== EXCERPTED RECORDS
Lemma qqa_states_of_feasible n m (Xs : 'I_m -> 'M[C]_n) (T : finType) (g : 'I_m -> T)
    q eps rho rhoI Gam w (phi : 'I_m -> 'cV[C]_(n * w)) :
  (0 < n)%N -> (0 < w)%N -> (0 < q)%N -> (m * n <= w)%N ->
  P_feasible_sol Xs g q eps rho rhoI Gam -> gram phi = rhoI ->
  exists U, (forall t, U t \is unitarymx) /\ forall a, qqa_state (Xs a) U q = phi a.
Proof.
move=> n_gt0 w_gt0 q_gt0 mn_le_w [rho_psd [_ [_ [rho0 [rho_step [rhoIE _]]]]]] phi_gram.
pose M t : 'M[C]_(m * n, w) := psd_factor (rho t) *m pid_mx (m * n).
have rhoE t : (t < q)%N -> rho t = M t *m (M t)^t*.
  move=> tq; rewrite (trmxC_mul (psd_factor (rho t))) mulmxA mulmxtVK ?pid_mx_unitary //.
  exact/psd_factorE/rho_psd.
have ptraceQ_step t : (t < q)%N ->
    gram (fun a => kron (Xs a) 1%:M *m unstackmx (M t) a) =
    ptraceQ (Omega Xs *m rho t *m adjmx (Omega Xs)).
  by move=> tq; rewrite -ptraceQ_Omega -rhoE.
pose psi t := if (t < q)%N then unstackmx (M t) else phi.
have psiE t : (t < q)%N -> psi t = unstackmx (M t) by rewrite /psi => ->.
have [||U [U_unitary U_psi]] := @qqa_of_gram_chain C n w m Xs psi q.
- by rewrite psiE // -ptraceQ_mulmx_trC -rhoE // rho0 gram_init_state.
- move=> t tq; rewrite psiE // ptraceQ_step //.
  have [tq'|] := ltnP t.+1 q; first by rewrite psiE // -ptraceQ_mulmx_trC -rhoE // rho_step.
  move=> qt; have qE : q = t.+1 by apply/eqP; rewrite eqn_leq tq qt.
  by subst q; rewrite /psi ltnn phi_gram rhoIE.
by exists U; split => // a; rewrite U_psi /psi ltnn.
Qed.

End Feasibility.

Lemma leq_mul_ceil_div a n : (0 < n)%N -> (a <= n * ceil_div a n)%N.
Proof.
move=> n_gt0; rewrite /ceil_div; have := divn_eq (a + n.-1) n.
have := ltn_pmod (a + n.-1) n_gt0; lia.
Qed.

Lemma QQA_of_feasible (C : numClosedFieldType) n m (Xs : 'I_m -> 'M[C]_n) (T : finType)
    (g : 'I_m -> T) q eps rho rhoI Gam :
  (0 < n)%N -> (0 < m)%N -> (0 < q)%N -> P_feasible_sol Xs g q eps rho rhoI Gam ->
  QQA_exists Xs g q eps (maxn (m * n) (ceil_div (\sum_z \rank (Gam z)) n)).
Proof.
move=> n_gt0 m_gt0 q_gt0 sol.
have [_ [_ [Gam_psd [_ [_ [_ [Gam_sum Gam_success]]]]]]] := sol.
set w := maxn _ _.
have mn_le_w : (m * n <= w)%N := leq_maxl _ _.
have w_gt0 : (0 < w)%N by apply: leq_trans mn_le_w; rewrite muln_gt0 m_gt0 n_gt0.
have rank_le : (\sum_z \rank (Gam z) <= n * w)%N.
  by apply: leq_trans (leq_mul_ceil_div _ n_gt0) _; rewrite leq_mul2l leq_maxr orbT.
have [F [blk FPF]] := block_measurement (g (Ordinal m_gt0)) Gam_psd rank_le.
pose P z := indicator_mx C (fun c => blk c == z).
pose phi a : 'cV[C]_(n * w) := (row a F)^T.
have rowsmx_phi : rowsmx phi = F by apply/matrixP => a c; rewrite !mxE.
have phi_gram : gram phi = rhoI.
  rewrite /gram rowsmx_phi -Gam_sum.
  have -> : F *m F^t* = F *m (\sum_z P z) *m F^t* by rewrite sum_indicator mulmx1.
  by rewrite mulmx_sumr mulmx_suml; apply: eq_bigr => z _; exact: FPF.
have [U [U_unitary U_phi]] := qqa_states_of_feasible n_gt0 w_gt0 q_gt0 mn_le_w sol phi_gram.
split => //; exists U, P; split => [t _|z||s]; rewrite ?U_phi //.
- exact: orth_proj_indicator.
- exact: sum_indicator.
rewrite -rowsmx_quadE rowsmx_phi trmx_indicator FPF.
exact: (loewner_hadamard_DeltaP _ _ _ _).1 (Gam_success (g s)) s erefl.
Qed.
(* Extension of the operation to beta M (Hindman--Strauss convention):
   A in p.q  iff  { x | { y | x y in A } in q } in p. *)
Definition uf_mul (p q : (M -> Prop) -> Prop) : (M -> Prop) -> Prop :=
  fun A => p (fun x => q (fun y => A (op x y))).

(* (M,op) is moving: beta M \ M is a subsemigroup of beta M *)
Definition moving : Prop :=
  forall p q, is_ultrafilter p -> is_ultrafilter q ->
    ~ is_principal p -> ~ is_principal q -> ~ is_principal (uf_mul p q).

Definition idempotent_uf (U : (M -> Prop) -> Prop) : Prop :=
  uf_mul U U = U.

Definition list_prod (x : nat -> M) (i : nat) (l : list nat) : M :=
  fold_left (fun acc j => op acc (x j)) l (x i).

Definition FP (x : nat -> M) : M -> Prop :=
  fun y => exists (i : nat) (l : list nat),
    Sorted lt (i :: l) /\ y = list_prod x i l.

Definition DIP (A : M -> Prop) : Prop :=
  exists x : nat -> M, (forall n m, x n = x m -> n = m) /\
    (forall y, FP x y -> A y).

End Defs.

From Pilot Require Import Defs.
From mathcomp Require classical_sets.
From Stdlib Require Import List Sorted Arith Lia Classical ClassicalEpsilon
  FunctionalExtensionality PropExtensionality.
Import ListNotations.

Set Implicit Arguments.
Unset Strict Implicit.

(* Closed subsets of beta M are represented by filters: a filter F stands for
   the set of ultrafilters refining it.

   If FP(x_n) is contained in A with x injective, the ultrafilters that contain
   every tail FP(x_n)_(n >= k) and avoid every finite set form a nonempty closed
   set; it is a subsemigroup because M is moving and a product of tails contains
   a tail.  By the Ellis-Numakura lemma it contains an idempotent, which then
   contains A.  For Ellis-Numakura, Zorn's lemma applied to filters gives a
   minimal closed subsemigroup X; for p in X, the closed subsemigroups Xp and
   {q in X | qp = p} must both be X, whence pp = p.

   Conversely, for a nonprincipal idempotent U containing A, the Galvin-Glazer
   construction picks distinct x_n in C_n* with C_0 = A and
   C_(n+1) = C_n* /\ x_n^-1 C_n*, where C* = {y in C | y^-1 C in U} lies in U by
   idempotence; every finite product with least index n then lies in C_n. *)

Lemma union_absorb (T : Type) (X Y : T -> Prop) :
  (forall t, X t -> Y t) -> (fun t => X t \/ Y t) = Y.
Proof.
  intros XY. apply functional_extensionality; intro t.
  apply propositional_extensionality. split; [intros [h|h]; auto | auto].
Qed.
====
== EXCERPTED RECORDS
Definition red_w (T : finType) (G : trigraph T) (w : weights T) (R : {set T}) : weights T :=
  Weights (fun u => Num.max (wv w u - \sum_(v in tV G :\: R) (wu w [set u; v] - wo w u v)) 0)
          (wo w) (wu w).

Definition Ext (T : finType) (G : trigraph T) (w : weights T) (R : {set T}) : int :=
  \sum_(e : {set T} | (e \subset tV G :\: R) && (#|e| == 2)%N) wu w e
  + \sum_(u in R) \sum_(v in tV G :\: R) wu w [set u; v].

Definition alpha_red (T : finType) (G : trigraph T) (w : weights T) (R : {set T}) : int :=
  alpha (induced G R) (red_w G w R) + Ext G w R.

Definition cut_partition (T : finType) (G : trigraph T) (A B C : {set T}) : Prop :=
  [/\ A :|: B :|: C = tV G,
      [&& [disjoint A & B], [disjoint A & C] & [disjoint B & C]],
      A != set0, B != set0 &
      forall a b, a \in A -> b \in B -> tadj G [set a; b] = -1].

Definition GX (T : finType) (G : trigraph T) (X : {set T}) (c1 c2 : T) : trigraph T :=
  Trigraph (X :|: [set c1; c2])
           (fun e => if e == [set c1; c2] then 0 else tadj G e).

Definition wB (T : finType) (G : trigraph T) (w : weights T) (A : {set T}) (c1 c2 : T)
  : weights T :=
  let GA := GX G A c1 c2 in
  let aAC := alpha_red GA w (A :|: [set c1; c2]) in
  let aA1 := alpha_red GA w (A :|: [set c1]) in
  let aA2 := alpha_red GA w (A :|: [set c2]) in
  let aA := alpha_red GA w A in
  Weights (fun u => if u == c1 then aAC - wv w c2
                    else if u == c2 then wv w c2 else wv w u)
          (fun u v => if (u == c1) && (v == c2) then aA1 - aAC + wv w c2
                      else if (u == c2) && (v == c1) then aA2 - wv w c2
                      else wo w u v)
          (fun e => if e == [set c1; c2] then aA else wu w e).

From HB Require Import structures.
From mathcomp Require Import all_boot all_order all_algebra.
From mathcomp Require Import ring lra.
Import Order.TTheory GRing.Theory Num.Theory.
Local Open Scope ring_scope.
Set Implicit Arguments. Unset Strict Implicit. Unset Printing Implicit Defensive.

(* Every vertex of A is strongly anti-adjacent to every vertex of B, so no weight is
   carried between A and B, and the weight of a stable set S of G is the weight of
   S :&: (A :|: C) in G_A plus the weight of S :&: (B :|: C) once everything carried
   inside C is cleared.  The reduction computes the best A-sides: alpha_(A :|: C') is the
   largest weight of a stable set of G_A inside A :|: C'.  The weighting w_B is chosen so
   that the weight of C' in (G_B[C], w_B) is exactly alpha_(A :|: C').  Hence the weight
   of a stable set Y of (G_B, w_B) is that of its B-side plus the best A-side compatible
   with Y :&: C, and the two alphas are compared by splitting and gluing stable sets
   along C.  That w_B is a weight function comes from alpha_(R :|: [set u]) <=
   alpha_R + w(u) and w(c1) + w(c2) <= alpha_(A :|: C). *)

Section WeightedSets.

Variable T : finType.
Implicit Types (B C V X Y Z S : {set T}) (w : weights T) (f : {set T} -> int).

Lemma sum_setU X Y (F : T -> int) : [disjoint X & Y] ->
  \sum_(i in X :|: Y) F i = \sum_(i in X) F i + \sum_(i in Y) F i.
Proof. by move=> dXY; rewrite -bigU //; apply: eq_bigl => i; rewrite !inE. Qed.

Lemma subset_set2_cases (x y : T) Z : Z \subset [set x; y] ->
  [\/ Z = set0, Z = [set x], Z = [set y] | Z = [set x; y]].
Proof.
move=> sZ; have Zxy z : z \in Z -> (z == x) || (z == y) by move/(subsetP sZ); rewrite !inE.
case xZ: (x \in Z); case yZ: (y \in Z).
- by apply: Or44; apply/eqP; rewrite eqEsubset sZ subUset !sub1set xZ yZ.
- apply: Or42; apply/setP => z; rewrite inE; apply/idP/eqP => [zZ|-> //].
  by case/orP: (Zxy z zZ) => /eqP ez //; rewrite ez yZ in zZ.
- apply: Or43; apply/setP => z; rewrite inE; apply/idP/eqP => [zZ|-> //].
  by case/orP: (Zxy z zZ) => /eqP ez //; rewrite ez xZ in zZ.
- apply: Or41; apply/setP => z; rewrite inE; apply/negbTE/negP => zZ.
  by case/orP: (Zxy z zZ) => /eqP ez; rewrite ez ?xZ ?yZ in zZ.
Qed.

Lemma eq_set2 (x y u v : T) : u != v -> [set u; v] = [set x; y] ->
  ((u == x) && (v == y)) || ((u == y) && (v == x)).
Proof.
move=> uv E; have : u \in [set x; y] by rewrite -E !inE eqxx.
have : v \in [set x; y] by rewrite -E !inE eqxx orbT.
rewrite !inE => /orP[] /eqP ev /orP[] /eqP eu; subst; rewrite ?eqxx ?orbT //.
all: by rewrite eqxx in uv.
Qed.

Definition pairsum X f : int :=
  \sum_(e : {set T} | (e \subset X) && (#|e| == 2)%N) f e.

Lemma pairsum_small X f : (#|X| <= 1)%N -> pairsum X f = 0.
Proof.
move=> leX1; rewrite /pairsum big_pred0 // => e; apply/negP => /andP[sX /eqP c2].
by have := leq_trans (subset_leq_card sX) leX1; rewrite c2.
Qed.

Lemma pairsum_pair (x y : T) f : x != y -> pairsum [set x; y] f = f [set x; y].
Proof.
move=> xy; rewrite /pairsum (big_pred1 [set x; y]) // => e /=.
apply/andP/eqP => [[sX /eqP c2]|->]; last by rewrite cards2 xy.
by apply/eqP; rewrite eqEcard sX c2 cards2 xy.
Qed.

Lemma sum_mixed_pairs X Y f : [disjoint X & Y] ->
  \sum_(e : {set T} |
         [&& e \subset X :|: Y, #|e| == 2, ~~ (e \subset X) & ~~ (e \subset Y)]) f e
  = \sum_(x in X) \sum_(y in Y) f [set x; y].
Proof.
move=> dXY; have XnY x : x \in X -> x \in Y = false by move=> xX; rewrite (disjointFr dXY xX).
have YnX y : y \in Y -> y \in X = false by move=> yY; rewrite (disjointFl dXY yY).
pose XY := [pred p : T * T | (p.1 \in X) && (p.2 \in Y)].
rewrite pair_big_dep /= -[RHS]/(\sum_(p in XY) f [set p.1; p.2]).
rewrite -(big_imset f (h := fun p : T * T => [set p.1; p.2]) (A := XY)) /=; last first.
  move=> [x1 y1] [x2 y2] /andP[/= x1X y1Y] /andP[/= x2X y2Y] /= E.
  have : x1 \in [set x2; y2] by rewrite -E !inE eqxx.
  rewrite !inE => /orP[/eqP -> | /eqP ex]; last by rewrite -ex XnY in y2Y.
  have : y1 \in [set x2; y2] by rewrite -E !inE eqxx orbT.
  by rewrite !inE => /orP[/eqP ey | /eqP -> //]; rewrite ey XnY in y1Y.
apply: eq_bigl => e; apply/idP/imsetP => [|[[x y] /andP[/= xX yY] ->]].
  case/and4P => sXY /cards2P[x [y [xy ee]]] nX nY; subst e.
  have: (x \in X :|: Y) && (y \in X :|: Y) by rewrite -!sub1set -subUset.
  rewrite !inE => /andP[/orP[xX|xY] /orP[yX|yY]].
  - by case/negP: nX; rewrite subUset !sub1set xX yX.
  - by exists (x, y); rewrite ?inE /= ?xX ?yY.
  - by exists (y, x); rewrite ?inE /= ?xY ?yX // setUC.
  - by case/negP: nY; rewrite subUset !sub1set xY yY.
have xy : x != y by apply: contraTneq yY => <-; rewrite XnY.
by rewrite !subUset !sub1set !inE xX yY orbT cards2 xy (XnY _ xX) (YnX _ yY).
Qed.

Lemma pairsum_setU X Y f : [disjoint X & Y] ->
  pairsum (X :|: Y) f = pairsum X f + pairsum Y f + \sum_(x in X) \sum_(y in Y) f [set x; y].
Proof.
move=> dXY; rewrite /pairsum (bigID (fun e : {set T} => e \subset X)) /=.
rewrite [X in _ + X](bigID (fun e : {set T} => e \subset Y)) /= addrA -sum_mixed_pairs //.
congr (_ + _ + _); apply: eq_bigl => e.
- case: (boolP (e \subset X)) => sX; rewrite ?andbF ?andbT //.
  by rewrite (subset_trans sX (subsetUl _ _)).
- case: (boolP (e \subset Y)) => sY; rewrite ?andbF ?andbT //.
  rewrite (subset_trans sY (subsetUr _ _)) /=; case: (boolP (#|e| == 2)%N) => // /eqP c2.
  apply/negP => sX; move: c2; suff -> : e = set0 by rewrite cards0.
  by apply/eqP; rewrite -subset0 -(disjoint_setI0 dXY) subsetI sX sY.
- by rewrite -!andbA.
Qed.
====
_PROMPT:_ Tally up the lines above in which "Implicit" occurs. Give the result as a bare number.

_ANSWER SECTION:_ 4